One immune gene stuck out, in particular: endoplasmic reticulum aminopeptidase 2 (or ERAP2), an enzyme that takes proteins — whether our own or those from foreign invaders — cuts them down to size and presents them to immune cells to get their attention. The researchers found that if an individual inherited two copies of the variant that produces a protective version of ERAP2 (one from mom, the other from dad), they were potentially 40 to 50 percent more likely to survive the plague. The reason? Those immune cells were likely better at recognizing Y. pestis and eliminating it thanks to this vigilant ERAP2 compared to someone who didn’t carry the variant.

“The selective advantage associated with the selected loci are among the strongest ever reported in humans showing how a single pathogen can have such a strong impact to the evolution of the immune system,” Luis Barreiro, a professor in genetic medicine at the University of Chicago and lead researcher of the study, according to the press release.

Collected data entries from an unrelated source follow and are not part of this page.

Lemma halving_rec_growth M e : Rabs (y 1%nat) <= M -> 0 <= e -> (a + b) * M + Rabs c <= M + e ->
  forall j n, (1 <= n <= 2 ^ j)%nat -> Rabs (y n) <= M + INR j * e.
Proof.
  intros Hy1 He Hstep. induction j as [|j IH]; intros n Hn.
  - replace n with 1%nat by (simpl in Hn; lia). simpl. lra.
  - rewrite S_INR. assert (Hje : 0 <= INR j * e) by (apply Rmult_le_pos; [apply pos_INR|lra]).
    assert (H2j : (2 ^ S j = 2 * 2 ^ j)%nat) by reflexivity.
    destruct (Nat.eq_dec n 1) as [->|Hn1]; [lra|].
    destruct (Nat.Even_or_Odd n) as [[m ->]|[m ->]].
    + rewrite halving_rec_even by lia.
      assert (Hm := IH m ltac:(lia)).
      eapply Rle_trans; [apply Rabs_triang|].
      rewrite Rabs_mult, (Rabs_pos_eq (a + b)) by lra. nra.
    + rewrite halving_rec_odd by lia.
      assert (Hm := IH m ltac:(lia)). assert (HSm := IH (S m) ltac:(lia)).
      eapply Rle_trans; [apply Rabs_triang|].
      eapply Rle_trans; [apply Rplus_le_compat_r, Rabs_triang|].
      rewrite !Rabs_mult, (Rabs_pos_eq a), (Rabs_pos_eq b) by lra. nra.
Qed.

Lemma halving_rec_bounded M : Rabs (y 1%nat) <= M -> (a + b) * M + Rabs c <= M ->
  forall n, (1 <= n)%nat -> Rabs (y n) <= M.
Proof.
  intros Hy1 Hstep n Hn.
  assert (Hn2 : (n < 2 ^ n)%nat) by (apply Nat.pow_gt_lin_r; lia).
  pose proof (halving_rec_growth M 0 Hy1 (Rle_refl 0) ltac:(lra) n n ltac:(lia)).
  lra.
Qed.

Lemma halving_rec_zero : c = 0 -> y 1%nat = 0 -> forall n, (1 <= n)%nat -> y n = 0.
Proof.
  intros Hc Hy1 n Hn. apply Rabs_eq_0, Rle_antisym; [|apply Rabs_pos].
  apply halving_rec_bounded; [rewrite Hy1, Rabs_R0; lra|rewrite Hc, Rabs_R0; lra|exact Hn].
Qed.

Lemma halving_rec_ex_bound : a + b < 1 \/ c = 0 ->
  exists M, forall n, (1 <= n)%nat -> Rabs (y n) <= M.
Proof.
  intros [Hlt|Hc0].
  - exists (Rabs (y 1%nat) + Rabs c / (1 - (a + b))). apply halving_rec_bounded.
    + assert (0 <= Rabs c / (1 - (a + b))) by (apply Rdiv_le_0_compat; [apply Rabs_pos|lra]). lra.
    + pose proof (Rabs_pos (y 1%nat)).
      replace ((a + b) * (Rabs (y 1%nat) + Rabs c / (1 - (a + b))) + Rabs c)
        with ((a + b) * Rabs (y 1%nat) + Rabs c / (1 - (a + b))) by (field; lra).
      nra.
  - exists (Rabs (y 1%nat)). apply halving_rec_bounded; [lra|].
    rewrite Hc0, Rabs_R0. pose proof (Rabs_pos (y 1%nat)). nra.
Qed.

Lemma halving_rec_log_bound :
  exists C, forall n, (2 <= n)%nat -> Rabs (y n) <= C * ln (INR n).
Proof.
  pose proof ln2_pos as Hln2.
  exists ((Rabs (y 1%nat) + 2 * Rabs c) / ln 2). intros n Hn.
  assert (Hlog := Nat.log2_spec n ltac:(lia)).
  assert (Hj := INR_le_log2 (Nat.log2 n) n ltac:(lia)).
  assert (H1 := INR_le_log2 1 n ltac:(simpl; lia)). simpl in H1.
  assert (Hbound := halving_rec_growth (Rabs (y 1%nat)) (Rabs c) (Rle_refl _) (Rabs_pos c)
                      ltac:(pose proof (Rabs_pos (y 1%nat)); nra) (S (Nat.log2 n)) n ltac:(lia)).
  rewrite S_INR in Hbound.
  replace ((Rabs (y 1%nat) + 2 * Rabs c) / ln 2 * ln (INR n))
    with ((Rabs (y 1%nat) + 2 * Rabs c) * (ln (INR n) / ln 2)) by (field; lra).
  pose proof (Rabs_pos (y 1%nat)). pose proof (Rabs_pos c). nra.
Qed.

End Recurrence.

Definition fwd_diff (y : nat -> R) (m : nat) : R := y (S m) - y m.

Section DyadicLimit.

Variables (a b : R) (y : nat -> R).
Hypotheses (Ha : 0 < a) (Hb : 0 < b) (Hab : 1 < a + b) (Hy : halving_rec a b 0 y).

Let nu := Rmax (Rmax a b) 1.
Let r := nu / (a + b).

Lemma nu_bounds : a <= nu /\ b <= nu /\ 1 <= nu.
Proof.
  unfold nu. pose proof (Rmax_l (Rmax a b) 1). pose proof (Rmax_r (Rmax a b) 1).
  pose proof (Rmax_l a b). pose proof (Rmax_r a b). lra.
Qed.

Lemma ratio_bounds : 0 <= r < 1.
Proof.
  assert (Hnu : nu < a + b) by (unfold nu; repeat apply Rmax_lub_lt; lra).
  pose proof nu_bounds. unfold r. split.
  - apply Rdiv_le_0_compat; lra.
  - apply Rmult_lt_reg_r with (a + b); [lra|]. unfold Rdiv. rewrite Rmult_assoc, Rinv_l; lra.
Qed.

Lemma y_double m : (1 <= m)%nat -> y (2 * m)%nat = (a + b) * y m.
Proof. intros Hm. rewrite (halving_rec_even a b 0 y Hy m Hm). ring. Qed.

Lemma y_double_succ m : (1 <= m)%nat -> y (2 * m + 1)%nat = a * y m + b * y (S m).
Proof. intros Hm. rewrite (halving_rec_odd a b 0 y Hy m Hm). ring. Qed.

Lemma y_pow2_mul k m : (1 <= m)%nat -> y (2 ^ k * m)%nat = (a + b) ^ k * y m.
Proof.
  intros Hm. induction k as [|k IH]; [simpl; rewrite Nat.add_0_r; ring|].
  assert (H2k : (1 <= 2 ^ k)%nat) by (apply Nat.le_succ_l, Nat.neq_0_lt_0, Nat.pow_nonzero; lia).
  replace (2 ^ S k * m)%nat with (2 * (2 ^ k * m))%nat by (simpl; lia).
  rewrite y_double, IH by nia. simpl. ring.
Qed.

Lemma fwd_diff_double m : (1 <= m)%nat -> fwd_diff y (2 * m) = b * fwd_diff y m.
Proof.
  intros Hm. unfold fwd_diff. replace (S (2 * m)) with (2 * m + 1)%nat by lia.
  rewrite y_double_succ, y_double by exact Hm. ring.
Qed.

Lemma fwd_diff_double_succ m : (1 <= m)%nat -> fwd_diff y (2 * m + 1) = a * fwd_diff y m.
Proof.
  intros Hm. unfold fwd_diff. replace (S (2 * m + 1)) with (2 * S m)%nat by lia.
  rewrite y_double_succ, y_double by lia. ring.
Qed.

Lemma fwd_diff_bound j m : (1 <= m < 2 ^ S j)%nat ->
  Rabs (fwd_diff y m) <= Rabs (fwd_diff y 1) * nu ^ j.
Proof.
  destruct nu_bounds as [Han [Hbn H1n]].
  revert m. induction j as [|j IH]; intros m Hm.
  - replace m with 1%nat by (simpl in Hm; lia). simpl. lra.
  - assert (Hnuj : 0 <= nu ^ j) by (apply pow_le; lra).
    assert (HD1 := Rabs_pos (fwd_diff y 1)).
    destruct (Nat.eq_dec m 1) as [->|Hm1].
    { pose proof (pow_R1_Rle nu (S j) H1n). nra. }
    replace (2 ^ S (S j))%nat with (2 * 2 ^ S j)%nat in Hm by reflexivity.
    set (P := (2 ^ S j)%nat) in *. clearbody P.
    destruct (Nat.Even_or_Odd m) as [[q ->]|[q ->]].
    + rewrite fwd_diff_double, Rabs_mult, Rabs_pos_eq by lia || lra.
      specialize (IH q ltac:(lia)). pose proof (Rabs_pos (fwd_diff y q)). simpl. nra.
    + rewrite fwd_diff_double_succ, Rabs_mult, Rabs_pos_eq by lia || lra.
      specialize (IH q ltac:(lia)). pose proof (Rabs_pos (fwd_diff y q)). simpl. nra.
Qed.

Lemma scaled_fwd_diff_bound k c m : (1 <= m < 2 ^ S (k + c))%nat ->
  Rabs (fwd_diff y m) / (a + b) ^ k <= Rabs (fwd_diff y 1) * nu ^ c * r ^ k.
Proof.
  intros Hm. assert (Hlk : 0 < (a + b) ^ k) by (apply pow_lt; lra).
  replace (Rabs (fwd_diff y 1) * nu ^ c * r ^ k)
    with (Rabs (fwd_diff y 1) * nu ^ (k + c) / (a + b) ^ k)
    by (unfold r, Rdiv; rewrite pow_add, Rpow_mult_distr, pow_inv; field; lra).
  apply Rmult_le_compat_r; [apply Rlt_le, Rinv_0_lt_compat; exact Hlk|].
  exact (fwd_diff_bound (k + c) m Hm).
Qed.

Definition dyadic_approx (k : nat) (t : R) : R := y (nat_floor (2 ^ k * t)) / (a + b) ^ k.

Lemma dyadic_approx_succ k t : 0 <= t -> (1 <= nat_floor (2 ^ k * t))%nat ->
  Rabs (dyadic_approx (S k) t - dyadic_approx k t)
    <= Rabs (fwd_diff y (nat_floor (2 ^ k * t))) / (a + b) ^ k.
Proof.
  intros Ht Hm. assert (Hlk : 0 < (a + b) ^ k) by (apply pow_lt; lra).
  unfold dyadic_approx. replace (2 ^ S k * t) with (2 * (2 ^ k * t)) by (simpl; ring).
  set (m := nat_floor (2 ^ k * t)) in *.
  assert (H2kt : 0 <= 2 ^ k * t) by (apply Rmult_le_pos; [apply pow_le|]; lra).
  rewrite <- tech_pow_Rmult.
  destruct (nat_floor_double _ H2kt) as [E|E]; fold m in E; rewrite E.
  - rewrite y_double by exact Hm.
    replace ((a + b) * y m / ((a + b) * (a + b) ^ k) - y m / (a + b) ^ k) with 0 by (field; lra).
    rewrite Rabs_R0. apply Rdiv_le_0_compat; [apply Rabs_pos|exact Hlk].
  - rewrite y_double_succ by exact Hm.
    replace ((a * y m + b * y (S m)) / ((a + b) * (a + b) ^ k) - y m / (a + b) ^ k)
      with (b / (a + b) * (fwd_diff y m / (a + b) ^ k)) by (unfold fwd_diff; field; lra).
    rewrite Rabs_mult, !Rabs_div_pos, (Rabs_pos_eq b) by lra.
    assert (Hba : b / (a + b) = 1 - a / (a + b)) by (field; lra).
    assert (0 < a / (a + b)) by (apply Rdiv_lt_0_compat; lra).
    assert (0 <= Rabs (fwd_diff y m) / (a + b) ^ k) by (apply Rdiv_le_0_compat; [apply Rabs_pos|lra]).
    nra.
Qed.

Lemma dyadic_approx_near k t s : 0 <= t -> 0 <= s -> Rabs (2 ^ k * t - 2 ^ k * s) < 1 ->
  Rabs (dyadic_approx k t - dyadic_approx k s)
    <= (Rabs (fwd_diff y (nat_floor (2 ^ k * t))) + Rabs (fwd_diff y (nat_floor (2 ^ k * s))))
       / (a + b) ^ k.
Proof.
  intros Ht Hs Hts. assert (Hlk : 0 < (a + b) ^ k) by (apply pow_lt; lra).
  assert (H2k : 0 <= 2 ^ k) by (apply pow_le; lra).
  destruct (nat_floor_spec (2 ^ k * t)) as [Ht1 Ht2]; [apply Rmult_le_pos; lra|].
  destruct (nat_floor_spec (2 ^ k * s)) as [Hs1 Hs2]; [apply Rmult_le_pos; lra|].
  unfold dyadic_approx.
  set (m1 := nat_floor (2 ^ k * t)) in *. set (m2 := nat_floor (2 ^ k * s)) in *. clearbody m1 m2.
  apply Rabs_def2 in Hts.
  assert (L1 : (m1 < m2 + 2)%nat) by (apply INR_lt; rewrite plus_INR; simpl; lra).
  assert (L2 : (m2 < m1 + 2)%nat) by (apply INR_lt; rewrite plus_INR; simpl; lra).
  pose proof (Rabs_pos (fwd_diff y m1)). pose proof (Rabs_pos (fwd_diff y m2)).
  replace (y m1 / (a + b) ^ k - y m2 / (a + b) ^ k) with ((y m1 - y m2) / (a + b) ^ k)
    by (field; lra).
  rewrite Rabs_div_pos by exact Hlk.
  apply Rmult_le_compat_r; [apply Rlt_le, Rinv_0_lt_compat; exact Hlk|].
  destruct (lt_eq_lt_dec m1 m2) as [[Hlt | ->] | Hgt].
  - replace m2 with (S m1) in * by lia. rewrite <- Rabs_Ropp. unfold fwd_diff in *.
    replace (- (y m1 - y (S m1))) with (y (S m1) - y m1) by ring. lra.
  - rewrite Rminus_diag, Rabs_R0. lra.
  - replace m1 with (S m2) in * by lia. unfold fwd_diff in *. lra.
Qed.

Definition dyadic_limit (t : R) : R := real (Lim_seq (fun k => dyadic_approx k t)).

Lemma dyadic_limit_local t0 : 0 < t0 -> exists (e : nat) (B : R), 0 <= B /\
  forall t, t0 / 2 <= t <= 2 * t0 ->
    is_lim_seq (fun k => dyadic_approx k t) (dyadic_limit t) /\
    forall k, (e <= k)%nat ->
      Rabs (dyadic_limit t - dyadic_approx k t) <= B * r ^ k / (1 - r) /\
      Rabs (fwd_diff y (nat_floor (2 ^ k * t))) / (a + b) ^ k <= B * r ^ k.
Proof.
  intros Ht0. destruct (dyadic_window t0 Ht0) as [e [c Hwin]].
  pose proof nu_bounds as [_ [_ H1n]].
  set (B := Rabs (fwd_diff y 1) * nu ^ c).
  assert (HB : 0 <= B) by (apply Rmult_le_pos; [apply Rabs_pos|apply pow_le; lra]).
  exists e, B. split; [exact HB|]. intros t Ht.
  assert (Hscaled : forall k, (e <= k)%nat ->
    Rabs (fwd_diff y (nat_floor (2 ^ k * t))) / (a + b) ^ k <= B * r ^ k).
  { intros k Hk. apply scaled_fwd_diff_bound, Hwin; assumption. }
  destruct (geometric_cauchy_lim (fun k => dyadic_approx k t) B r e HB ratio_bounds)
    as [l [Hl Htail]].
  { intros k Hk. eapply Rle_trans; [apply dyadic_approx_succ|apply Hscaled, Hk]; [lra|].
    apply Hwin; assumption. }
  assert (Hlim : dyadic_limit t = l)
    by (unfold dyadic_limit; rewrite (is_lim_seq_unique _ _ Hl); reflexivity).
  rewrite Hlim. split; [exact Hl|]. intros k Hk. split; [apply Htail, Hk|apply Hscaled, Hk].
Qed.

Lemma dyadic_limit_continuous t0 : 0 < t0 -> continuity_pt dyadic_limit t0.
Proof.
  intros Ht0. destruct (dyadic_limit_local t0 Ht0) as [e [B [HB Hloc]]].
  pose proof ratio_bounds as Hr.
  apply continuity_pt_of_local_approx. intros eps Heps.
  destruct (pow_eventually_lt r (eps * (1 - r) / (2 * (B + 1))) Hr) as [N HN].
  { apply Rdiv_lt_0_compat; nra. }
  set (k := max N e). specialize (HN k ltac:(unfold k; lia)).
  assert (HBr : 2 * (B * r ^ k) <= eps * (1 - r)).
  { pose proof (pow_le r k ltac:(lra)).
    apply Rmult_lt_compat_r with (r := 2 * (B + 1)) in HN; [|lra].
    replace (eps * (1 - r) / (2 * (B + 1)) * (2 * (B + 1))) with (eps * (1 - r)) in HN by (field; lra).
    nra. }
  assert (H2k : 0 < 2 ^ k) by (apply pow_lt; lra).
  exists (dyadic_approx k), (Rmin (t0 / 2) (/ 2 ^ k)). split.
  { apply Rmin_pos; [lra|apply Rinv_0_lt_compat; exact H2k]. }
  intros x Hx.
  assert (Hx1 : Rabs (x - t0) < t0 / 2) by (eapply Rlt_le_trans; [exact Hx|apply Rmin_l]).
  assert (Hx2 : Rabs (x - t0) < / 2 ^ k) by (eapply Rlt_le_trans; [exact Hx|apply Rmin_r]).
  apply Rabs_def2 in Hx1.
  destruct (Hloc x ltac:(lra)) as [_ Hxk]. destruct (Hloc t0 ltac:(lra)) as [_ Ht0k].
  destruct (Hxk k ltac:(unfold k; lia)) as [Hxtail Hxdiff].
  destruct (Ht0k k ltac:(unfold k; lia)) as [_ Ht0diff].
  split.
  - eapply Rle_trans; [exact Hxtail|].
    apply Rmult_le_reg_r with (1 - r); [lra|].
    replace (B * r ^ k / (1 - r) * (1 - r)) with (B * r ^ k) by (field; lra).
    pose proof (pow_le r k ltac:(lra)). nra.
  - eapply Rle_trans.
    { apply dyadic_approx_near; [lra|lra|].
      replace (2 ^ k * x - 2 ^ k * t0) with (2 ^ k * (x - t0)) by ring.
      rewrite Rabs_mult, Rabs_pos_eq by lra.
      apply Rmult_lt_reg_r with (/ 2 ^ k); [apply Rinv_0_lt_compat; exact H2k|].
      replace (2 ^ k * Rabs (x - t0) * / 2 ^ k) with (Rabs (x - t0)) by (field; lra).
      rewrite Rmult_1_l. exact Hx2. }
    unfold Rdiv in *. rewrite Rmult_plus_distr_r. nra.
Qed.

Members of the Barreiro lab conduct cell culture experiments.

University of Chicago

Why it matters — This isn’t the first study to suggest that the repercussions of the Black Death, while mostly long gone, still reverberate today, impacting our health in a myriad of ways. In 2021, researchers at the University of Colorado and Max Planck Institute in Germany found in DNA samples collected from a mass grave in Ellwangen in southern Germany compared against current living inhabitants, the plague likely influenced genes involved in initiating and directing the immune response to infection.

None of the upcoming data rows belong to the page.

Lemma sum_drift_balanced j x : balanced j -> \sum_(l < N) drift j (x + l%:R * shift j) = 0.
Proof.
move=> bal_j; under eq_bigr do rewrite natr_Zp.
set E := shift j; set k1 := k (j + 1); set g0 := g j; set g1 := g (j + 1).
have orbit_shift (h : 'I_N -> int) :
    \sum_(l < N) h (x + l * E + E) = \sum_(l < N) h (x + l * E).
  rewrite [RHS](reindex_inj (addIr 1)) /=; apply: eq_bigr => l _; congr h; ring.
have driftE (l : 'I_N) : drift j (x + l * E) =
    (g1 (x + l * E) - g0 (x + l * E + E)) + (g0 (k1 - (x + l * E)) - g1 (k1 - (x + l * E))).
  rewrite /drift /twist -/k1 -/g0 -/g1.
  have -> : k j - (k1 - (x + l * E)) = x + l * E + E by rewrite /E /shift -/k1; ring.
  ring.
rewrite (eq_bigr _ (fun l _ => driftE l)) big_split /= !sumrB orbit_shift.
case: bal_j => [g01 | reflect_orbit]; first by rewrite /g1 -g01 -/g0; ring.
have orbit_reflect (h : 'I_N -> int) :
    \sum_(l < N) h (k1 - (x + l * E)) = \sum_(l < N) h (x + l * E).
  have [t Ht] := reflect_orbit x.
  have inj : injective (fun l : 'I_N => t - l).
    by apply: (can_inj (g := fun l : 'I_N => t - l)) => l; ring.
  rewrite [RHS](reindex_inj inj) /=; apply: eq_bigr => l _; congr h.
  have -> : k1 - (x + l * E) = (k1 - x) - l * E by ring.
  by rewrite /k1 Ht -/E; ring.
by rewrite !orbit_reflect; ring.
Qed.

Lemma Zp_natr_self n : (n.+2%:R : 'I_n.+2) = 0.
Proof. by apply: val_inj; rewrite Zp_nat /= modnn. Qed.

Lemma act_tm i j x z : act (nseq i tG) (j, x, z) = (j + i%:R, x, z).
Proof.
elim: i => [|i IH]; first by rewrite /= addr0.
by rewrite /= IH /=; congr (_, _, _); rewrite mulrS; ring.
Qed.

Hypothesis all_balanced : forall j, balanced j.

Lemma act_relator r y : Grel M N r -> act r y = y.
Proof.
case: y => [[j x] z] [->|[->|->]].
- exact: act_sK.
- by rewrite act_tm Zp_natr_self addr0.
- by rewrite act_sst_pow Zp_natr_self mul0r addr0 sum_drift_balanced ?addr0.
Qed.

Lemma act_weq u v : weq (Grel M N) u v -> act u =1 act v.
Proof.
elim=> {u v} [w|u v _ IH|u v w _ IH1 _ IH2|u l v|u r v Rr] y.
- by [].
- by rewrite IH.
- by rewrite IH1 IH2.
- by rewrite !act_cat !act_cons act_letterK.
- by rewrite !act_cat (act_relator _ Rr).
Qed.

Lemma not_pres_finite_of_act w :
  (forall z, act w (0, 0, z) = (0, 0, z + 1)) -> ~ pres_finite (Grel M N).
Proof.
move=> w_translates.
apply: (not_pres_finite_of_invariant (F := fun u => (act u (0, 0, 0)).2)).
  by move=> u v uv; rewrite (act_weq uv).
move=> i; exists (flatten (nseq i w)).
suff -> : act (flatten (nseq i w)) (0, 0, 0) = (0, 0, i%:Z) by [].
elim: i => // i IH; rewrite /= act_cat IH w_translates.
by congr (_, _, _); rewrite -[in RHS]addn1 PoszD.
Qed.

End TwistedAction.

Lemma val_add1 p (j : 'I_p.+2) : val (j + 1)%R = (val j).+1 %% p.+2.
Proof. by rewrite /= modnDmr addn1. Qed.

Section AtLeastFour.
Local Open Scope ring_scope.
Variables (a b : nat).
Local Notation M := a.+4.
Local Notation N := b.+2.

Definition k_ge4 (j : 'I_M) : 'I_N := if (val j == 0)%N || (val j == 2)%N then 1 else 0.
Definition g_ge4 (j : 'I_M) : 'I_N -> int :=
  if (val j == 2)%N then fun x => Posz (x == 0) else fun _ => 0.

Lemma balanced_ge4 j : balanced k_ge4 g_ge4 j.
Proof.
have vS := val_add1 j.
have [j1 | n1] := eqVneq (val j) 1%N.
  right => x; exists (x + x - 1).
  by rewrite /shift /k_ge4 vS j1 modn_small //=; ring.
have [j2 | n2] := eqVneq (val j) 2%N.
  right => x; exists (- (x + x)).
  by rewrite /shift /k_ge4 vS j2 modn_small //=; ring.
left; rewrite /g_ge4 (negbTE n2) vS.
case: (ltngtP j.+1 M) => [lt_j1M | | ->]; last by rewrite modnn.
- by rewrite modn_small // eqSS (negbTE n1).
- by rewrite ltnNge ltn_ord.
Qed.

Lemma G_ge4_infinite : ~ pres_finite (Grel M N).
Proof.
apply: (not_pres_finite_of_act balanced_ge4 (w := [:: sG; tGi; tGi; sG; tG; tG])) => z.
have v2 : val (0 + 1 + 1 : 'I_M) = 2%N by rewrite !val_add1.
have [k2 g2] : k_ge4 (0 + 1 + 1) = 1 /\ g_ge4 (0 + 1 + 1) = fun x => Posz (x == 0).
  by rewrite /k_ge4 /g_ge4 v2.
have back : (0 + 1 + 1 - 1 - 1 : 'I_M) = 0 by ring.
have [k0 g0] : k_ge4 0 = 1 /\ g_ge4 0 = fun _ => 0 by [].
rewrite /= /twist k2 g2 back k0 g0 /=.
have -> : (1 - 0 : 'I_N) = 1 by ring.
have -> : (1 - 1 : 'I_N) = 0 by ring.
have -> : ((1 : 'I_N) == 0) = false by apply/negP => /eqP/(congr1 val); rewrite /= modn_small.
by congr (_, _, _); rewrite /=; ring.
Qed.

End AtLeastFour.

Section Three.
Local Open Scope ring_scope.
Variable b : nat.
Local Notation N := b.+3.

Definition k3 (j : 'I_3) : 'I_N := (val j)%:R.
Definition g3 (j : 'I_3) : 'I_N -> int :=
  if (val j == 2)%N then fun x => Posz (x == 0) else fun _ => 0.

Let o0 : 'I_3 := Ordinal (isT : (0 < 3)%N).
Let o1 : 'I_3 := Ordinal (isT : (1 < 3)%N).
Let o2 : 'I_3 := Ordinal (isT : (2 < 3)%N).

Lemma balanced3 j : balanced k3 g3 j.
Proof.
right => x; rewrite /shift.
case: j => [[|[|[|//]]] lt_j3].
- have -> : Ordinal lt_j3 = o0 by apply: val_inj.
  have -> : o0 + 1 = o1 by apply: val_inj.
  by exists (x + x - 1); rewrite /k3 /=; ring.
- have -> : Ordinal lt_j3 = o1 by apply: val_inj.
  have -> : o1 + 1 = o2 by apply: val_inj.
  by exists (x + x - 2%:R); rewrite /k3 /=; ring.
- have -> : Ordinal lt_j3 = o2 by apply: val_inj.
  have -> : o2 + 1 = o0 by apply: val_inj.
  by exists (- x); rewrite /k3 /=; ring.
Qed.

Let w3 := [:: sG; tGi; sG; tGi; sG; tG; tG].

Let to_o2 : (0 + 1 + 1 : 'I_3) = o2. Proof. exact: val_inj. Qed.
Let o2_to_o1 : (o2 - 1 : 'I_3) = o1. Proof. exact: val_inj. Qed.
Let o1_to_o0 : (o1 - 1 : 'I_3) = 0. Proof. exact: val_inj. Qed.

Lemma one_neq0 : ((1 : 'I_N) == 0) = false.
Proof. by apply/negP => /eqP/(congr1 val); rewrite /= modn_small. Qed.

Lemma two_neq0 : ((2%:R : 'I_N) == 0) = false.
Proof. by apply/negP => /eqP/(congr1 val); rewrite Zp_nat /= modn_small. Qed.

Lemma act_w3_0 z : act k3 g3 w3 (0, 0, z) = (0, 1, z + 1).
Proof.
rewrite /= to_o2 o2_to_o1 o1_to_o0 /twist /k3 /g3 /= subr0 two_neq0.
by congr (_, _, _); rewrite /=; ring.
Qed.

Lemma act_w3_1 z : act k3 g3 w3 (0, 1, z) = (0, 0, z).
Proof.
rewrite /= to_o2 o2_to_o1 o1_to_o0 /twist /k3 /g3 /=.
have -> : (2%:R - 1 : 'I_N) = 1 by ring.
have -> : (1 - 1 : 'I_N) = 0 by ring.
by rewrite one_neq0 subrr; congr (_, _, _); rewrite /=; ring.
Qed.

Lemma G3_infinite : ~ pres_finite (Grel 3 N).
Proof.
apply: (not_pres_finite_of_act balanced3 (w := w3 ++ w3)) => z.
by rewrite act_cat act_w3_0 act_w3_1.
Qed.

End Three.

Theorem proposition4p11 (m n : nat) (hm : 0 < m) (hn : 0 < n) :
  (exists phi : word Ggen -> word (Hgen m),
     [/\ pres_iso (Grel m n) (Hrel n hm) phi,
         weq (Hrel n hm) (phi [:: (gs, false)]) [:: (Some (lastIdx hm), false)]
       & weq (Hrel n hm) (phi [:: (gt, false)]) [:: (None, false)]]) /\
  (pres_finite (Grel m n) <->
     m = 1 \/ m = 2 \/ n = 1 \/ (m = 3 /\ n = 2)).
Proof.
split; first by exists (phi hm); split; first exact: phi_pres_iso.
split=> [G_fin | [->|[->|[->|[-> ->]]]]].
- case: m hm G_fin => [//|[|[|[|a]]]] _ G_fin; [by left | by right; left | |].
  + case: n hn G_fin => [//|[|[|b]]] _ G_fin; [by do 2 right; left | by do 3 right |].
    by case: (G3_infinite G_fin).
  + case: n hn G_fin => [//|[|b]] _ G_fin; first by do 2 right; left.
    by case: (G_ge4_infinite G_fin).
- exact: G1_finite.
- exact: G2_finite.
- exact: G_n1_finite.
- exact: G32_finite.
Qed.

Another study conducted by the National Human Genome Research Institute, part of the National Institutes of Health, found that certain Mediterranean groups — mostly Turkish, Jewish, Armenian, and Arab populations — may be more susceptible to an autoinflammatory disease called familial Mediterranean fever (FMF) because of evolutionary changes in response to the plague.

“Going forward, more studies of ancient DNA could also enable a better understanding of the evolutionary origins of autoimmune diseases,” David Enard, an evolutionary biologist at the University of Arizona, who wasn’t involved in the study, wrote in an accompanying review of the Nature study. “Population migrations can shape the risk of such diseases through ‘founder’ events, in which, by chance, the founders of a given population happen to carry specific disease-associated variants. [This study’s] inferences… indicate that ancient epidemics are also a force to consider.”